GitHub - zama-ai/hpu_fpga: Zama's Homomorphic Processing Unit implementation on FPGA

Zama HPU FPGA

📒 Documentation | 💛 Community support | 📚 FHE resources by Zama

About

What is Zama's HPU on FPGA

Zama's Homomorphic Processing Unit (HPU) is a SystemVerilog-based hardware implementation targeting AMD Alveo V80 FPGA board. It is the first open-source processor capable of executing homomorphic operations directly on encrypted data, designed specifically to accelerate TFHE-rs workloads.

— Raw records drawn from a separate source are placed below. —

Lemma INR_div_le_geometric (a b K n : nat) : (0 < b)%N ->
  (3 ^ n * a <= K * 2 ^ n * b)%N -> 0 <= INR a / INR b <= INR K * (2 / 3) ^ n.
Proof.
move=> /ltP/lt_0_INR b_gt0 /leP/le_INR; rewrite !mulnE !mult_INR !INR_expn /= => le_ab.
have a_ge0 := pos_INR a.
have pow3_gt0 : 0 < (1 + 1 + 1) ^ n by apply: pow_lt; lra.
have pow23 : (2 / 3) ^ n * (1 + 1 + 1) ^ n = (1 + 1) ^ n.
  by rewrite -Rpow_mult_distr; congr (_ ^ _); field.
split; first exact: Rle_mult_inv_pos.
apply: (Rmult_le_reg_r (INR b)) => //.
have -> : INR a / INR b * INR b = INR a by field; lra.
apply: (Rmult_le_reg_l ((1 + 1 + 1) ^ n)) => //.
by apply: (Rle_trans _ _ _ le_ab); right; rewrite -pow23; ring.
Qed.

Lemma Un_cv_0_le_geometric (u : nat -> R) (C q : R) : 0 <= q < 1 ->
  (forall n, 0 <= u n <= C * q ^ n) -> Un_cv u 0.
Proof.
move=> q01 u_bound eps eps_gt0.
have absq : Rabs q < 1 by rewrite Rabs_right; lra.
have C1_gt0 : 0 < Rabs C + 1 by have := Rabs_pos C; lra.
have [N powN] :=
  pow_lt_1_zero q absq (eps / (Rabs C + 1)) (Rdiv_lt_0_compat _ _ eps_gt0 C1_gt0).
exists N => n leNn; rewrite /R_dist Rminus_0_r.
have [u_ge0 u_le] := u_bound n.
have pow_ge0 : 0 <= q ^ n by apply: pow_le; lra.
have := powN n leNn; rewrite Rabs_right; last lra.
set d := eps / _ => pow_lt_d.
have C_le : C * q ^ n <= Rabs C * d.
  apply: Rle_trans (Rmult_le_compat_r _ _ _ pow_ge0 (Rle_abs C)) _.
  by apply: Rmult_le_compat_l; [apply: Rabs_pos | lra].
have eps_eq : eps = Rabs C * d + d by rewrite /d; field; lra.
have d_gt0 : 0 < d by apply: Rdiv_lt_0_compat.
by rewrite Rabs_right; lra.
Qed.

Theorem mainTheorem6 :
  Un_cv (fun n : nat => (INR (bell n) / INR (alpha_12_34 n))%R) 0%R.
Proof.
have [K bellK] := exp3_bell_le_exp2_alpha.
apply: (@Un_cv_0_le_geometric _ (INR K) (2 / 3)); first lra.
by move=> n; apply: INR_div_le_geometric; [exact: alpha_12_34_gt0 | exact: bellK].
Qed.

This repository provides everything needed to deploy and experiment with the HPU, including:

SystemVerilog RTL source code
Block design for AMD Versal FPGAs, partially derived from AVED – see block design code.
Bitstream generation flow for the Alveo V80
Simulation flow and testbenches
Firmware for the Real-Time Processing Unit (RPU), derived from Xilinx's AVED – see firmware docs.

Note

HPU also needs the following softwares:

The QDMA driver
The AMI driver
The high-level API
The HPU register interface generator hw_regmap, loaded in HPU FPGA project as a git submodule

Directory structure

The directories of this repository are organized in the following way:

Root

docs/
- Markdown documentations.
fw/
- Firmware code for the RPU or microblaze.
- Flow necessary for the ublaze generation.
hw/
- RTL code and the simulation flow.
sw/
- Python models for some algorithms.
- SW binaries for testbench stimuli and reference generation.
- Register map generator: hw_regmap.
versal/
- Flow for block design and bitstream generation.

`hw/`

common_lib/
- Shared RTL library, organized in <RTL module> hierarchy.
memory_file/
- ROM content files.
module/
- HPU RTL, organized in <RTL module> hierarchy.
syn/
- Scripts for synthesis.
scripts/
- Miscellaneous scripts.
simu_lib/
- Shared RTL library for simulation.
output/
- Generated directory.
- Simulation and out-of-context (ooc) synthesis results.

<RTL module>

Note

If any directory is not needed, it won't be present.

<module_name>
- info/
  - Mainly contains file_list.json, which lists the RTL files of this directory, the RTL dependencies and synthesis constraints of this module.
- rtl/
  - RTL files. The file name corresponds to the module name.
- constraints/
  - Synthesis files for local ooc synthesis (with _local suffix), and hierarchical synthesis if needed (with _hier suffix).
- simu/
  - Simulation files. Is organized as a regular <RTL module> structure. See below.
- module/
  - If the module's submodules need to be placed in a <RTL module> structure, it is done under the module directory.
- scripts/
  - Scripts necessary to generate the module.

Getting started

Installation

To use the HPU FPGA project, ensure the following tools and dependencies are installed:

bash : All the commands are run in a bash terminal. If not it would be specified.
tfhe-rs >= 1.2.0.
Host linux driver: AVED fork.
DMA linux driver: QDMA fork.
Vivado/Vitis = 2024.2.
just >= 1.37.0.
(simulation only) Sage = 10.4.
(firmware compilation) CMake >= 3.3.0.
Python = 3.12 with:
- edalize from the [ZAMA fork] used as a submodule (https://github.com/zama-ai/edalize).
- jinja2
- (simulation only) constrainedrandom

Caution

Linux with kernel version 5.15.0-* is required to compile the host software. (See Ami driver).

Python dependencies

Tip

With newer Linux versions, it is recommended to use a virtual environment.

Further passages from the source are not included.